Number of single nucleotide polymorphisms (SNPs) per recovered target for the five pteropod species of the superfamily Limacinoidea (see legend), based on filtering settings of minimum presence in 80% of individuals with at least 5x read depth

Discussion

First draft genome for pteropods

To assess the genetic variability and degree of population connectivity in coiled-shell pteropods, we designed a set of target capture probes based on partial genomic and transcriptomic resources. As a first step, we de novo assembled a draft genome for L. bulimoides, the first for a planktonic gastropod. We obtained an assembly size of 2.9 Gbp but the prediction of genome size together with the prediction of genome completeness suggest that only ~ 60% of the genome was sequenced. Therefore, we postulate that the genome size of L. bulimoides is indeed larger than the assembly size, and estimate it at 6–7 Gbp. In comparison, previously sequenced molluscan genomes have shown a wide variation in size across species, ranging from 412 Mbp in the giant owl limpet (Lottia gigantea) [47] to 2.7 Gbp in the Californian two-spot octopus (Octopus bimaculoides) [48]. The closest species to pteropods which has a sequenced genome is Aplysia californica, with a genome size of 927 Mbp (Genbank accession assembly: GCA_000002075.2) [36, 49]. Further, when considering marine gastropod genome size estimates in the Animal Genome Size Database [50], genome sizes range from 430 Mbp to 5.88 Gbp with an average size of 1.86 Gbp. Hence, it appears that L. bulimoides has a larger genome size than most other gastropods.
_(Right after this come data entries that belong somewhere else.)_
Lemma diagA_mulmx_col (a1 a2 a3 : R) x i :
  (diagA n a1 a2 a3 *m x) i 0 = diagA_coef a1 a2 a3 i * x i 0.
Proof.
rewrite mxE (bigD1 i) //= big1 ?addr0; first by rewrite diagAE eqxx mul1r.
by move=> j /negbTE ji; rewrite diagAE eq_sym ji !mul0r.
Qed.

Lemma trmx_diagA (a1 a2 a3 : R) : (diagA n a1 a2 a3)^T = diagA n a1 a2 a3.
Proof.
by apply/matrixP => i j; rewrite mxE !diagAE eq_sym; case: eqP => [->|]; rewrite ?mul0r.
Qed.

Lemma mulmx_diagA (a1 a2 a3 b1 b2 b3 : R) :
  diagA n a1 a2 a3 *m diagA n b1 b2 b3 = diagA n (a1 * b1) (a2 * b2) (a3 * b3).
Proof.
apply/matrixP => i j; rewrite [in LHS]mxE.
rewrite (bigD1 i) //= big1 ?addr0 => [|k /negbTE ki]; last first.
  by rewrite diagAE eq_sym ki !mul0r.
rewrite !diagAE eqxx mul1r /diagA_coef.
by case: (i == j); rewrite ?mul0r ?mulr0 ?mul1r //; case: ifP => _ //; case: ifP.
Qed.

Lemma diagA1 : diagA n 1 1 1 = 1%:M :> 'M[R]_n.
Proof.
apply/matrixP => i j; rewrite diagAE mxE /diagA_coef.
by case: (i == j); rewrite ?mul0r // mul1r; case: ifP => _ //; case: ifP.
Qed.

Lemma diagA_unit (a1 a2 a3 : R) : a1 != 0 -> a2 != 0 -> a3 != 0 ->
  diagA n a1 a2 a3 \in unitmx.
Proof.
move=> a10 a20 a30.
have AB : diagA n a1 a2 a3 *m diagA n a1^-1 a2^-1 a3^-1 = 1%:M.
  by rewrite mulmx_diagA !divff // diagA1.
by have [] := mulmx1_unit AB.
Qed.

Lemma diagA_mul_ebasis (a1 a2 a3 : R) x : diagA n a1 a2 a3 *m x =
  a3 *: x + ((a1 - a3) * coord x 0) *: ebasis R n 0
          + ((a2 - a3) * coord x 1) *: ebasis R n 1.
Proof.
apply/matrixP => i j; rewrite !ord1 diagA_mulmx_col !mxE /diagA_coef.
case: eqP => [i0|_]; first by rewrite (coordE x i0) i0 /=; ring.
by case: eqP => [i1|_]; [rewrite (coordE x i1)|]; ring.
Qed.

Lemma dot_diagA (a1 a2 a3 : R) x y : dot (diagA n a1 a2 a3 *m x) y =
  a3 * dot x y + (a1 - a3) * coord x 0 * coord y 0 + (a2 - a3) * coord x 1 * coord y 1.
Proof. by rewrite diagA_mul_ebasis !dotDl !dotZl !dot_ebasisl; ring. Qed.

Lemma calA_dot (a1 a2 a3 : R) x :
  calA a1 a2 a3 x = dot (diagA n a1 a2 a3 *m x) x + a3 * (1 - dot x x).
Proof. by rewrite dot_diagA /calA /coord; ring. Qed.

Lemma dot_diagA_gt0 (a1 a2 a3 : R) x : 0 < a1 -> 0 < a2 -> 0 < a3 ->
  0 < dot x x -> 0 < dot (diagA n a1 a2 a3 *m x) x.
Proof.
move=> a1gt0 a2gt0 a3gt0 xx; set m := Num.min a1 (Num.min a2 a3).
have m0 : 0 < m by rewrite !lt_min a1gt0 a2gt0 a3gt0.
apply: (lt_le_trans (mulr_gt0 m0 xx)).
rewrite /dot mulr_sumr; apply: ler_sum => i _; rewrite diagA_mulmx_col -mulrA.
apply: ler_wpM2r; first by rewrite -expr2 sqr_ge0.
rewrite /m /diagA_coef; case: ifP => _; first by rewrite ge_min lexx.
by case: ifP => _; rewrite !ge_min lexx ?orbT.
Qed.

End DiagonalMatrix.

Section Derivatives.
Variable R : realType.

Lemma derive_lineE (V W : normedModType R) (f : V -> W) (a v : V) :
  'D_v f a = 'D_1 (fun h : R => f (h *: v + a)) 0.
Proof.
rewrite /derive; set g1 := fun h => h^-1 *: _; set g2 := fun h => h^-1 *: _.
suff -> : g1 = g2 by [].
by rewrite funeqE /g1 /g2 => h /=; rewrite addr0 scale0r add0r [_%:A]mulr1.
Qed.

Lemma is_derive_derive1 (V : normedModType R) (f : R -> V) (t : R) :
  derivable f t 1 -> is_derive t 1 f (f^`() t).
Proof. by move=> df; apply: DeriveDef df (esym (derive1E f t)). Qed.

Lemma is_derive_mx_entry m k (F : R -> 'M[R]_(m, k)) (t : R) dF i j :
  is_derive t 1 F dF -> is_derive t 1 (fun s => F s i j) (dF i j).
Proof.
case=> dFt <-; apply: DeriveDef; first exact: (derivable_mxP F t 1).1.
by rewrite derive_mx // mxE.
Qed.

Lemma is_derive_scalemx m k (f : R -> R) (F : R -> 'M[R]_(m, k)) (t df : R) dF :
  is_derive t 1 f df -> is_derive t 1 F dF ->
  is_derive t 1 (fun s => f s *: F s) (f t *: dF + df *: F t).
Proof.
move=> fd Fd.
have entry i j :
    is_derive t 1 (fun s => (f s *: F s) i j) ((f t *: dF + df *: F t) i j).
  have -> : (fun s => (f s *: F s) i j) = (fun s => f s * F s i j).
    by apply: funext => s; rewrite mxE.
  apply: (is_derive_eq (is_deriveM fd (is_derive_mx_entry i j Fd))).
  by rewrite !mxE (mulrC df).
have dFt : derivable (fun s => f s *: F s) t 1.
  by apply/derivable_mxP => i j; case: (entry i j).
apply: DeriveDef => //; rewrite derive_mx //.
by apply/matrixP => i j; rewrite mxE; case: (entry i j).
Qed.

Variable n : nat.
Implicit Types x w : 'cV[R]_n.

Lemma is_derive_coord (F : R -> 'cV[R]_n) (t : R) dF k : (k < n)%N ->
  is_derive t 1 F dF -> is_derive t 1 (fun s => coord (F s) k) (coord dF k).
Proof.
move=> kn Fd; rewrite (coordE dF (i := Ordinal kn)) //.
have -> : (fun s => coord (F s) k) = (fun s => F s (Ordinal kn) 0).
  by apply: funext => s; apply: coordE.
exact: is_derive_mx_entry.
Qed.

Lemma is_derive_coord_line w x k :
  is_derive (0 : R) 1 (fun h : R => coord (h *: w + x) k) (coord w k).
Proof.
have -> : (fun h : R => coord (h *: w + x) k) = (fun h => h * coord w k + coord x k).
  by apply: funext => h; rewrite coordD coordZ.
by apply: is_derive_eq; rewrite -![_ *: _]/(_ * _); ring.
Qed.

Lemma is_derive_quadratic_line w x (M : 'M[R]_n) :
  is_derive (0 : R) 1 (fun h : R => dot (h *: w + x) (M *m (h *: w + x)))
    (dot w (M *m x) + dot x (M *m w)).
Proof.
have -> : (fun h : R => dot (h *: w + x) (M *m (h *: w + x))) =
    (fun h => h * (h * dot w (M *m w)) + h * (dot w (M *m x) + dot x (M *m w))
              + dot x (M *m x)).
  apply: funext => h; rewrite mulmxDr -scalemxAr !dotDl !dotDr !dotZl !dotZr; ring.
by apply: is_derive_eq; rewrite -![_ *: _]/(_ * _); ring.
Qed.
Despite moderate sequencing efforts, our genome is highly fragmented. Increasing the sequencing depth could result in some improvements, although other sequencing methods will be required to obtain a better genome. Roughly 350 million paired-end (PE) reads were used for the de novo assembly, but 50% of the assembly is still largely unresolved with fragments smaller than 893 bp. The absence of peaks in the k-mer distribution histogram and low mean coverage of the draft genome may indicate insufficient sequencing depth caused by a large total genome size, and/or high heterozygosity which complicates the assembly. In the 1.6 Gbp genome of another gastropod, the big-ear radix, Radix auricularia, approximately 70% of the content consisted of repeats [51]. As far as we know, high levels of repetitiveness within molluscan genomes are common [52], and also makes de novo assembly using only short reads challenging [53]. In order to overcome this challenge, genome sequencing projects should combine both short and long reads to resolve repetitive regions that span across short reads [54, 55]. Single molecule real time (SMRT) sequencing techniques which produce long reads recommend substantial DNA input, although some recent developments in library preparation techniques have lowered the required amount of DNA [56]. These SMRT techniques also tend to be high in cost, which may be a limiting factor when choosing between sequencing methods. Constant new developments in sequencing-related technologies may soon bring the tools needed to achieve proper genome assembly even for small-sized organisms with large genomes. Potential methods to improve current shotgun assemblies include 10x Genomics linked-reads [57] that uses microfluidics to leverage barcoded subpopulations of genomic DNA or Hi-C [58], which allow sequences in close physical proximity to be identified as linkage groups and enable less fragmented assemblies.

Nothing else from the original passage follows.